◆ WHAT YOU ARE ASKED TO DO
Take the lines below between the one holding "have coefE : lin" and the one holding "From mathcomp Require Import all_boot.", inclusive, and copy them exactly. Add nothing.

Dataset items

————————

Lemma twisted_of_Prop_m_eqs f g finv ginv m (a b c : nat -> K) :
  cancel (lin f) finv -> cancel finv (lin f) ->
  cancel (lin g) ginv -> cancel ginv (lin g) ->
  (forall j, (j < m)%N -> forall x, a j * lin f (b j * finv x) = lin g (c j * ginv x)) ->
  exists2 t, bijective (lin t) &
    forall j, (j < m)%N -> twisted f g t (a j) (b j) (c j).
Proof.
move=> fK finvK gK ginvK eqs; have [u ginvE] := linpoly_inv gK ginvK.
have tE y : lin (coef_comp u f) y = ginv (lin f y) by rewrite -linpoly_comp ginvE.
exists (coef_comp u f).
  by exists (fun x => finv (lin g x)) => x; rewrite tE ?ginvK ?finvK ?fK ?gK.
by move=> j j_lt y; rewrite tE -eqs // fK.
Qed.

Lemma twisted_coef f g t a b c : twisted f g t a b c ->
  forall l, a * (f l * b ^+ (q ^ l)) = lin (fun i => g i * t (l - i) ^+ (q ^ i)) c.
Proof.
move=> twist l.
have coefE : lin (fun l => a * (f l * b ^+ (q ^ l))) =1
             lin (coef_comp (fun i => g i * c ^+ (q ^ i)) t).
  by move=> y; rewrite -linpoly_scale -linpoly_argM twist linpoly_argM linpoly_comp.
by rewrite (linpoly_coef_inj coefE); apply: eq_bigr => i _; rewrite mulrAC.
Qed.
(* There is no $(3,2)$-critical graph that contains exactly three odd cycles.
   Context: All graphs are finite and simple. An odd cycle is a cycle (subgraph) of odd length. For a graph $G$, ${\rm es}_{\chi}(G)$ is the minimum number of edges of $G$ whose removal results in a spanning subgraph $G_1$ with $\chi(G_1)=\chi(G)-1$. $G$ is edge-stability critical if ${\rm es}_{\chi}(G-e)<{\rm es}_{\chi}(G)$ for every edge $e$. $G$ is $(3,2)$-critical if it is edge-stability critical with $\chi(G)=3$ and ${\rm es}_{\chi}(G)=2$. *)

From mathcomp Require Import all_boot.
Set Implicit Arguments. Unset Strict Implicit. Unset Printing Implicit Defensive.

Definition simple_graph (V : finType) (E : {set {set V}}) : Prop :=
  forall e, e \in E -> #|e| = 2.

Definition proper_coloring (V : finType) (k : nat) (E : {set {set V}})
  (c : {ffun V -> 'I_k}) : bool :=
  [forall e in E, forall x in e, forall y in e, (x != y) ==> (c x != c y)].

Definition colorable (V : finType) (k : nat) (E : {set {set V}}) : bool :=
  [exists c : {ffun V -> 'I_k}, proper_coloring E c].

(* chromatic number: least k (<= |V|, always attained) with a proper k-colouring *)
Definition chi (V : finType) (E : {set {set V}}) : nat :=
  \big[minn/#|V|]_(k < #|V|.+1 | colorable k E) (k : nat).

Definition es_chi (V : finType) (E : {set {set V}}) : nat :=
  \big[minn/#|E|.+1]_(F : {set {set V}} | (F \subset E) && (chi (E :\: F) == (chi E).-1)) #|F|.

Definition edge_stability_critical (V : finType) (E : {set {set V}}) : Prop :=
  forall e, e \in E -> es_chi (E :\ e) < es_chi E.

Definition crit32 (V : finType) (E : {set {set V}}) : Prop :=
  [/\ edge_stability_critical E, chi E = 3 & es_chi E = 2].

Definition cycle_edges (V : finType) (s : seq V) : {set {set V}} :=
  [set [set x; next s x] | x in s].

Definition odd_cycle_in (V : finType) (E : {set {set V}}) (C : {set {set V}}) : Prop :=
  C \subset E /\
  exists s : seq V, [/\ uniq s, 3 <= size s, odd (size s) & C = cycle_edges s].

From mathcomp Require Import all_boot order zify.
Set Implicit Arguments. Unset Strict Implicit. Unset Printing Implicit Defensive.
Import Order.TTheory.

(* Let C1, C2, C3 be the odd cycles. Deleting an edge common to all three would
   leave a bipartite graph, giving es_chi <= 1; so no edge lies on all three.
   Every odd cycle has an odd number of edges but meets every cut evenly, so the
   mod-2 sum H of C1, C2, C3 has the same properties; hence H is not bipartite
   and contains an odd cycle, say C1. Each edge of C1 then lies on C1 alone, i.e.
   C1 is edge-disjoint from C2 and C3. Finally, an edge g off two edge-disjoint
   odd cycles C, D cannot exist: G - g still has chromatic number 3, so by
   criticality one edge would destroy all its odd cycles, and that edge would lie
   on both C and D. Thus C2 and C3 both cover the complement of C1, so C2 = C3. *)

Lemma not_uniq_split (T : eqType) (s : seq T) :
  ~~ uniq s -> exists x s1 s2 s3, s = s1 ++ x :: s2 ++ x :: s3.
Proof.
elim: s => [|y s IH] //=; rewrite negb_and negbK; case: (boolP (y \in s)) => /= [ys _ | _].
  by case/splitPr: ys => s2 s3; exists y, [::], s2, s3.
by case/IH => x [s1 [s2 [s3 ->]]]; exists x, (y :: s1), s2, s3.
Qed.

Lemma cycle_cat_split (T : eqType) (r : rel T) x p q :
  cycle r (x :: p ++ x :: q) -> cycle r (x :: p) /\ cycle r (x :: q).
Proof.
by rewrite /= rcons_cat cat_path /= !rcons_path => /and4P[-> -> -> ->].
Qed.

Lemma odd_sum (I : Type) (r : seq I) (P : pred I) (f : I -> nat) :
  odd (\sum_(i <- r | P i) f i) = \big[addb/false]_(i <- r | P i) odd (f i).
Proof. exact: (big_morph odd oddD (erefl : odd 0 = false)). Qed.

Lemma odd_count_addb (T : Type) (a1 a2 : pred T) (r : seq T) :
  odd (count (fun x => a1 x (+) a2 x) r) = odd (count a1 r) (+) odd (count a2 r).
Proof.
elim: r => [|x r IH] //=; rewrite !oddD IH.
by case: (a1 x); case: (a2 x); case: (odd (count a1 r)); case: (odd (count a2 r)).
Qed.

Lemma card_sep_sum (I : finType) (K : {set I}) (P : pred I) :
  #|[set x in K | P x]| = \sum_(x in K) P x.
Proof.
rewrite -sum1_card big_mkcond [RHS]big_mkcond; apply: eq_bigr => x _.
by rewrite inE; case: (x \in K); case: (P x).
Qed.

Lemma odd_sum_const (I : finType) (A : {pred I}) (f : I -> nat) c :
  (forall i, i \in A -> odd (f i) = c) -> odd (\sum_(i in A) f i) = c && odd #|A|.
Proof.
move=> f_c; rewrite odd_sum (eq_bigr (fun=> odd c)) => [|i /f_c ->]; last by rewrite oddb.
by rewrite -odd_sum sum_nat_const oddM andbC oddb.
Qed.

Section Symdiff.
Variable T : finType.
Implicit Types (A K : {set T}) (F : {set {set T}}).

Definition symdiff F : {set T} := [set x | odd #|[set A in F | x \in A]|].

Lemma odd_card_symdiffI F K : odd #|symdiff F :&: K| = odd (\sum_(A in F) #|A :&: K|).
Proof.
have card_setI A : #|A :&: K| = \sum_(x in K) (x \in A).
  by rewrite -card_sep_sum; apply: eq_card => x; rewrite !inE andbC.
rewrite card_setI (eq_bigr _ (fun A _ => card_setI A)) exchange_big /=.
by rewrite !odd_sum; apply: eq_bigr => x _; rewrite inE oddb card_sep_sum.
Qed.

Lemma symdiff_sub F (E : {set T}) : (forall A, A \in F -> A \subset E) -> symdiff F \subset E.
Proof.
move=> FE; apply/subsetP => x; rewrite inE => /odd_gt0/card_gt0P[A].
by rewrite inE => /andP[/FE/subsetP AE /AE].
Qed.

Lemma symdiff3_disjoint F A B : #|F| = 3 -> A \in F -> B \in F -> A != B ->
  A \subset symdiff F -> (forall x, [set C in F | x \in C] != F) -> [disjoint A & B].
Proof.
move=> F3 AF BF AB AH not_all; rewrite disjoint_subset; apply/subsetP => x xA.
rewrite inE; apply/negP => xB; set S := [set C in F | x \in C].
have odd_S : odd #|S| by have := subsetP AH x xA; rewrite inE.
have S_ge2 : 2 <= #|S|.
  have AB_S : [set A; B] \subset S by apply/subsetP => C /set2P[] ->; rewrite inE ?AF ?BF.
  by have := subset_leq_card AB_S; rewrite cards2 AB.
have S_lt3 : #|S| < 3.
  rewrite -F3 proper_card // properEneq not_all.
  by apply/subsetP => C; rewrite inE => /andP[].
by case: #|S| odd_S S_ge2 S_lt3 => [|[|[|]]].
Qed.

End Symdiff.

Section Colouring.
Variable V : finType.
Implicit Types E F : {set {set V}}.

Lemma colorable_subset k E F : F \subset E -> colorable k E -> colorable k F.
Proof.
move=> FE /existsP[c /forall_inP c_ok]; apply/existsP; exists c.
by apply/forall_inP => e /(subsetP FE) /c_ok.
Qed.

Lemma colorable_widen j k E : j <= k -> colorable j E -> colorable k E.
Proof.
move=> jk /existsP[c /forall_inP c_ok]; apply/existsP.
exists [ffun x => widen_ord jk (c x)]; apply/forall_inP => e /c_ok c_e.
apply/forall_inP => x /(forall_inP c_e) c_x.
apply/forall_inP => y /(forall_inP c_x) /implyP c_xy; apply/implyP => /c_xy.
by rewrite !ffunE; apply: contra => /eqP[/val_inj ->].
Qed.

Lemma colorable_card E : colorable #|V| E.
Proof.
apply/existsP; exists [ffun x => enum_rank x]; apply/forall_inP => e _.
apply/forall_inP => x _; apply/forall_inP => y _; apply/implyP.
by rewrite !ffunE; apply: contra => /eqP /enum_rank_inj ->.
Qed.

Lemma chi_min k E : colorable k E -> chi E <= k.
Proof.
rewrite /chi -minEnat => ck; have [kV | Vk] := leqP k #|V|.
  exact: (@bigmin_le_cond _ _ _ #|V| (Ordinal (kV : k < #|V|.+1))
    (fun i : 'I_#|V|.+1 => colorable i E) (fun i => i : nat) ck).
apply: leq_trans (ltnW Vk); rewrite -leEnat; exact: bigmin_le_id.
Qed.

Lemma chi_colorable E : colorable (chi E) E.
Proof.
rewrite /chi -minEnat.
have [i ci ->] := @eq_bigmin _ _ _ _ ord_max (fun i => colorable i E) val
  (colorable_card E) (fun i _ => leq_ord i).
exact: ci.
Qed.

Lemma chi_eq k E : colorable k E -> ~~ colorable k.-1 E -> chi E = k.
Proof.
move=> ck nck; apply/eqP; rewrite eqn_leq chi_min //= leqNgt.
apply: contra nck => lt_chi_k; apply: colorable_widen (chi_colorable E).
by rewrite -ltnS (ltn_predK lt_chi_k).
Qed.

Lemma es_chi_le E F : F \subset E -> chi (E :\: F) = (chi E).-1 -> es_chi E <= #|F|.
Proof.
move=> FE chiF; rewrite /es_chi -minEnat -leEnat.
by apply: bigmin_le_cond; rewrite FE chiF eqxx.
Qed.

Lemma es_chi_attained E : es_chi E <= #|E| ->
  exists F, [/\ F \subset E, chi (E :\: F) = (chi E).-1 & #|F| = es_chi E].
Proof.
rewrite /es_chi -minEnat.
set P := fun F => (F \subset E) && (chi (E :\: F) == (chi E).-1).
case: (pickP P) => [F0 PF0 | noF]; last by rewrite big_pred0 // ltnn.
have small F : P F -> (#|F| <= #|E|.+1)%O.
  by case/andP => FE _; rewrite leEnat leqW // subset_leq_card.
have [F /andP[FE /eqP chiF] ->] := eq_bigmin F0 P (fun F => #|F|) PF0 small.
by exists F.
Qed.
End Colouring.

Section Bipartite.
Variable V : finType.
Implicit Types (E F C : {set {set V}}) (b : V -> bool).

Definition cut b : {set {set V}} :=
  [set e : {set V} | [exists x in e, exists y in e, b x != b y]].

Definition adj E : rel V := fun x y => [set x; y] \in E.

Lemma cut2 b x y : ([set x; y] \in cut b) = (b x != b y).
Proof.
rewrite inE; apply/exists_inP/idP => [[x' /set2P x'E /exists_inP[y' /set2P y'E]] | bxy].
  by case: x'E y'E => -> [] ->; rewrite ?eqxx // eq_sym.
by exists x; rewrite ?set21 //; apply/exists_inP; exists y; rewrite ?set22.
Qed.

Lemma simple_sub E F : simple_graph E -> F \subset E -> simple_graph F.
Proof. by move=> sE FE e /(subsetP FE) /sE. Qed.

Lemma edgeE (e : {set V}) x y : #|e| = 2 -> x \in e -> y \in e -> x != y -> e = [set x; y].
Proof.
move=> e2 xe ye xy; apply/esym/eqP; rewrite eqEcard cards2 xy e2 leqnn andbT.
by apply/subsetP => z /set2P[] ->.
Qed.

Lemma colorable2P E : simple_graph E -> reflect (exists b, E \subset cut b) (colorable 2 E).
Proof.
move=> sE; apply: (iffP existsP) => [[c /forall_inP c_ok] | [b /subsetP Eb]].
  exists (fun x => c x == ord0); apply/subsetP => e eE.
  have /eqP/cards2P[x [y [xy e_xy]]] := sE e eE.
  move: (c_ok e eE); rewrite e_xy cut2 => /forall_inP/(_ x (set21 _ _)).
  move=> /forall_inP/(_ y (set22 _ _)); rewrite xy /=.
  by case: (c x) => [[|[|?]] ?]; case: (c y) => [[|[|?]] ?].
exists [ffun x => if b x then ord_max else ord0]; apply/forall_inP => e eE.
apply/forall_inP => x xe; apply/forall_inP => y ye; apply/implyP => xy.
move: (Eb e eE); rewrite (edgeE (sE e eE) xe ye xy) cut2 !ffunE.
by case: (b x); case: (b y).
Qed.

————————

◆ YOUR RESPONSE
have coefE : lin (fun l => a * (f l * b ^+ (q ^ l))) =1
             lin (coef_comp (fun i => g i * c ^+ (q ^ i)) t).
  by move=> y; rewrite -linpoly_scale -linpoly_argM twist linpoly_argM linpoly_comp.
by rewrite (linpoly_coef_inj coefE); apply: eq_bigr => i _; rewrite mulrAC.
Qed.
(* There is no $(3,2)$-critical graph that contains exactly three odd cycles.
   Context: All graphs are finite and simple. An odd cycle is a cycle (subgraph) of odd length. For a graph $G$, ${\rm es}_{\chi}(G)$ is the minimum number of edges of $G$ whose removal results in a spanning subgraph $G_1$ with $\chi(G_1)=\chi(G)-1$. $G$ is edge-stability critical if ${\rm es}_{\chi}(G-e)<{\rm es}_{\chi}(G)$ for every edge $e$. $G$ is $(3,2)$-critical if it is edge-stability critical with $\chi(G)=3$ and ${\rm es}_{\chi}(G)=2$. *)

From mathcomp Require Import all_boot.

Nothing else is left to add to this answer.